## Sentence Transformer Models with Snowpark

This is a common enough use case of using different embedding models in Snowflake, so here is a notebook to get started.

I used sentence transfomers version 2.2.2 and this didn't work with 2.7.0 when I ran it in May 2024.

This is based on example from Michael Gorkow - [Sentence Transformers using the Model Registry](https://medium.com/@michaelgorkow/custom-embedding-models-from-hugging-face-in-snowflake-fd9cc79e25c8).

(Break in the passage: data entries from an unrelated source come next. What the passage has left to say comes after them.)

(* Let $m>1$, $N\ge2$, $\chi>0$, and let $k\ge2$ be an integer with $\chi<C_k$. Let $T\in(0,\infty)$ and let $X\in C^0([0,T),\mathcal R^N)$ be a solution of the gradient flow system on $[0,T)$. Then any weak blow-up set of $X$ at time $T$ containing at least two indices contains at least $k+1$ indices.
   Context: $\mathcal R^N=\{X\in\mathbb R^N: X_1<\dots<X_N,\ \sum_iX_i=0\}$. For $p\ge2$, $C_p$ is defined by $\frac1{C_p}=\max_{X\in\mathcal R^p}\frac{\sum_{1\le i\ne j\le p}|X_j-X_i|^{1-m}}{\sum_{i=1}^{p-1}(X_{i+1}-X_i)^{1-m}}$. Gradient flow system: for $i=1,\dots,N$, $\dot X_i=-(X_{i+1}-X_i)^{-m}+(X_i-X_{i-1})^{-m}+2\chi\sum_{j\ne i}\mathrm{sign}(j-i)|X_j-X_i|^{-m}$, the first term absent for $i=N$ and the second for $i=1$. A set $\mathcal I=[l,r]$ of consecutive integers in $[1,N]$ weakly blows up at time $T$ if $\liminf_{t\to T^-}(X_{i+1}(t)-X_i(t))=0$ for every $i\in[l,r-1]$; a weak blow-up set is such a set that is maximal for inclusion. *)

From Stdlib Require Import Reals Lra Lia.
From Coquelicot Require Import Coquelicot.
Open Scope R_scope.

(* Vectors of R^p are represented as functions nat -> R, indexed 1..p (as in the paper). *)

Fixpoint sum1 (n : nat) (f : nat -> R) : R :=
  match n with
  | O => 0
  | S n' => sum1 n' f + f (S n')
  end.

Definition in_Rcal (p : nat) (X : nat -> R) : Prop :=
  (forall i : nat, (1 <= i)%nat -> (i < p)%nat -> X i < X (S i)) /\
  sum1 p X = 0.

Definition C_num (m : R) (p : nat) (X : nat -> R) : R :=
  sum1 p (fun i => sum1 p (fun j =>
    if Nat.eq_dec i j then 0 else Rpower (Rabs (X j - X i)) (1 - m))).

Definition C_den (m : R) (p : nat) (X : nat -> R) : R :=
  sum1 (p - 1) (fun i => Rpower (X (S i) - X i) (1 - m)).

(* 1 / C_p = max over R^p of C_num / C_den (taken as a supremum) *)
Definition C_inv (m : R) (p : nat) : Rbar :=
  Lub_Rbar (fun r => exists X, in_Rcal p X /\ r = C_num m p X / C_den m p X).

Definition C_const (m : R) (p : nat) : R := / real (C_inv m p).

Definition flow_rhs (m chi : R) (N : nat) (Y : nat -> R) (i : nat) : R :=
  (if Nat.eq_dec i N then 0 else - Rpower (Y (S i) - Y i) (- m))
  + (if Nat.eq_dec i 1 then 0 else Rpower (Y i - Y (pred i)) (- m))
  + 2 * chi * sum1 N (fun j =>
      if Nat.ltb i j then Rpower (Rabs (Y j - Y i)) (- m)
      else if Nat.ltb j i then - Rpower (Rabs (Y j - Y i)) (- m)
      else 0).

Definition is_solution (m chi : R) (N : nat) (T : R) (X : R -> nat -> R) : Prop :=
  (forall t, 0 <= t < T -> in_Rcal N (X t)) /\
  (forall i, (1 <= i <= N)%nat ->
     continuous_on (fun t => 0 <= t < T) (fun t => X t i)) /\
  (forall i t, (1 <= i <= N)%nat -> 0 < t < T ->
     is_derive (fun s => X s i) t (flow_rhs m chi N (X t) i)).

Definition liminf_left_eq0 (g : R -> R) (T : R) : Prop :=
  (* liminf <= 0 *)
  (forall eps delta, 0 < eps -> 0 < delta ->
     exists t, 0 <= t < T /\ T - delta < t /\ g t < eps) /\
  (* liminf >= 0 *)
  (forall eps, 0 < eps -> exists delta, 0 < delta /\
     forall t, 0 <= t < T -> T - delta < t -> - eps < g t).

Definition weakly_blows_up (N : nat) (X : R -> nat -> R) (T : R) (l r : nat) : Prop :=
  (1 <= l)%nat /\ (l <= r)%nat /\ (r <= N)%nat /\
  forall i, (l <= i)%nat -> (i < r)%nat ->
    liminf_left_eq0 (fun t => X t (S i) - X t i) T.

Definition weak_blowup_set (N : nat) (X : R -> nat -> R) (T : R) (l r : nat) : Prop :=
  weakly_blows_up N X T l r /\
  forall l' r', weakly_blows_up N X T l' r' -> (l' <= l)%nat -> (r <= r')%nat ->
    l' = l /\ r' = r.

(* Suppose the weak blow-up set [l, r] has only p = r - l + 1 <= k points, and let Y be the
   cluster (X_l, ..., X_r). By maximality the two gaps bordering it stay above some eta > 0 near T.
   Consider the energy E = D - chi S of Y, with D the sum of its gaps and S the sum of all its
   mutual distances, both to the power 1 - m < 0. Padding Y with far away points shows
   S <= D / C_k, so E >= (1 - chi / C_k) (X_{l+1} - X_l)^(1 - m), which is unbounded along the
   times where that gap tends to 0. On the other hand dE/dt = (1 - m) <F, V>, where F is the
   gradient flow of the isolated cluster and V the true velocity; the two differ by at most a
   constant B depending on eta, and a b >= -(b - a)^2 / 4 gives dE/dt <= (m - 1) p B^2 / 4, so E
   stays bounded. *)

From Stdlib Require Import Reals Lra Lia Psatz Classical.
From Coquelicot Require Import Coquelicot.
Open Scope R_scope.

Lemma sum1_ext n f g : (forall i, (1 <= i <= n)%nat -> f i = g i) -> sum1 n f = sum1 n g.
Proof.
  induction n as [|n IH]; intros Hfg; simpl; [reflexivity|].
  rewrite IH, Hfg; [reflexivity | lia | intros; apply Hfg; lia].
Qed.

Lemma sum1_plus n f g : sum1 n (fun i => f i + g i) = sum1 n f + sum1 n g.
Proof. induction n as [|n IH]; simpl; [ring|]. rewrite IH; ring. Qed.

Lemma sum1_minus n f g : sum1 n (fun i => f i - g i) = sum1 n f - sum1 n g.
Proof. induction n as [|n IH]; simpl; [ring|]. rewrite IH; ring. Qed.

Lemma sum1_opp n f : sum1 n (fun i => - f i) = - sum1 n f.
Proof. induction n as [|n IH]; simpl; [ring|]. rewrite IH; ring. Qed.

Lemma sum1_scal n c f : sum1 n (fun i => c * f i) = c * sum1 n f.
Proof. induction n as [|n IH]; simpl; [ring|]. rewrite IH; ring. Qed.

Lemma sum1_const n c : sum1 n (fun _ => c) = INR n * c.
Proof. induction n as [|n IH]; simpl sum1; [simpl; ring|]. rewrite IH, S_INR; ring. Qed.

Lemma sum1_last n f : sum1 (S n) f = sum1 n f + f (S n).
Proof. reflexivity. Qed.

Lemma sum1_first n f : sum1 (S n) f = f 1%nat + sum1 n (fun i => f (S i)).
Proof. induction n as [|n IH]; simpl sum1; [ring|]. simpl sum1 in IH. rewrite IH; ring. Qed.

Lemma sum1_split a b f : sum1 (a + b) f = sum1 a f + sum1 b (fun i => f (a + i)%nat).
Proof.
  induction b as [|b IH]; simpl sum1; [rewrite Nat.add_0_r; ring|].
  rewrite Nat.add_succ_r; simpl sum1. rewrite IH; ring.
Qed.

Lemma sum1_swap n p f :
  sum1 n (fun i => sum1 p (fun j => f i j)) = sum1 p (fun j => sum1 n (fun i => f i j)).
Proof.
  induction n as [|n IH]; simpl sum1; [rewrite sum1_const; ring|].
  rewrite IH, <- sum1_plus. reflexivity.
Qed.

Lemma sum1_le n f g : (forall i, (1 <= i <= n)%nat -> f i <= g i) -> sum1 n f <= sum1 n g.
Proof.
  induction n as [|n IH]; intros Hfg; simpl; [lra|].
  assert (sum1 n f <= sum1 n g) by (apply IH; intros; apply Hfg; lia).
  assert (f (S n) <= g (S n)) by (apply Hfg; lia). lra.
Qed.

Lemma sum1_nonneg n f : (forall i, (1 <= i <= n)%nat -> 0 <= f i) -> 0 <= sum1 n f.
Proof. intros Hf. rewrite <- (Rmult_0_r (INR n)), <- sum1_const. apply sum1_le; auto. Qed.

Lemma sum1_le_add n d f :
  (forall i, (1 <= i <= n + d)%nat -> 0 <= f i) -> sum1 n f <= sum1 (n + d) f.
Proof.
  intros Hf. rewrite sum1_split.
  assert (0 <= sum1 d (fun i => f (n + i)%nat)) by (apply sum1_nonneg; intros; apply Hf; lia).
  lra.
Qed.

Lemma Rabs_sum1_le n f M :
  (forall i, (1 <= i <= n)%nat -> Rabs (f i) <= M) -> Rabs (sum1 n f) <= INR n * M.
Proof.
  induction n as [|n IH]; intros Hf; simpl sum1; [rewrite Rabs_R0; simpl; lra|].
  rewrite S_INR. eapply Rle_trans; [apply Rabs_triang|].
  assert (Rabs (sum1 n f) <= INR n * M) by (apply IH; intros; apply Hf; lia).
  assert (Rabs (f (S n)) <= M) by (apply Hf; lia). lra.
Qed.

Lemma is_derive_sum1 n (f : R -> nat -> R) t df :
  (forall i, (1 <= i <= n)%nat -> is_derive (fun s => f s i) t (df i)) ->
  is_derive (fun s => sum1 n (f s)) t (sum1 n df).
Proof.
  induction n as [|n IH]; intros Hf; simpl.
  - apply (is_derive_const (V:=R_NormedModule)).
  - apply (is_derive_plus (V:=R_NormedModule) (fun s => sum1 n (f s)) (fun s => f s (S n))).
    + apply IH; intros; apply Hf; lia.
    + apply Hf; lia.
Qed.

If you need to make a custom embedding model, because of the versioning issues, you can use the [following example of Arctic embedding](https://github.com/michaelgorkow/snowflake_huggingface/blob/main/arctic_embeddings_snowflake.ipynb).


In [15]:
from snowflake.snowpark.session import Session
# Create a Snowpark session with a default connection.
session = Session.builder.create()

In [16]:
snowflake_environment = session.sql('select current_user(), current_version()').collect()
from snowflake.snowpark.version import VERSION
snowpark_version = VERSION

# Current Environment Details
print('User                        : {}'.format(snowflake_environment[0][0]))
print('Role                        : {}'.format(session.get_current_role()))
print('Database                    : {}'.format(session.get_current_database()))
print('Schema                      : {}'.format(session.get_current_schema()))
print('Warehouse                   : {}'.format(session.get_current_warehouse()))
print('Snowflake version           : {}'.format(snowflake_environment[0][1]))
print('Snowpark for Python version : {}.{}.{}'.format(snowpark_version[0],snowpark_version[1],snowpark_version[2]))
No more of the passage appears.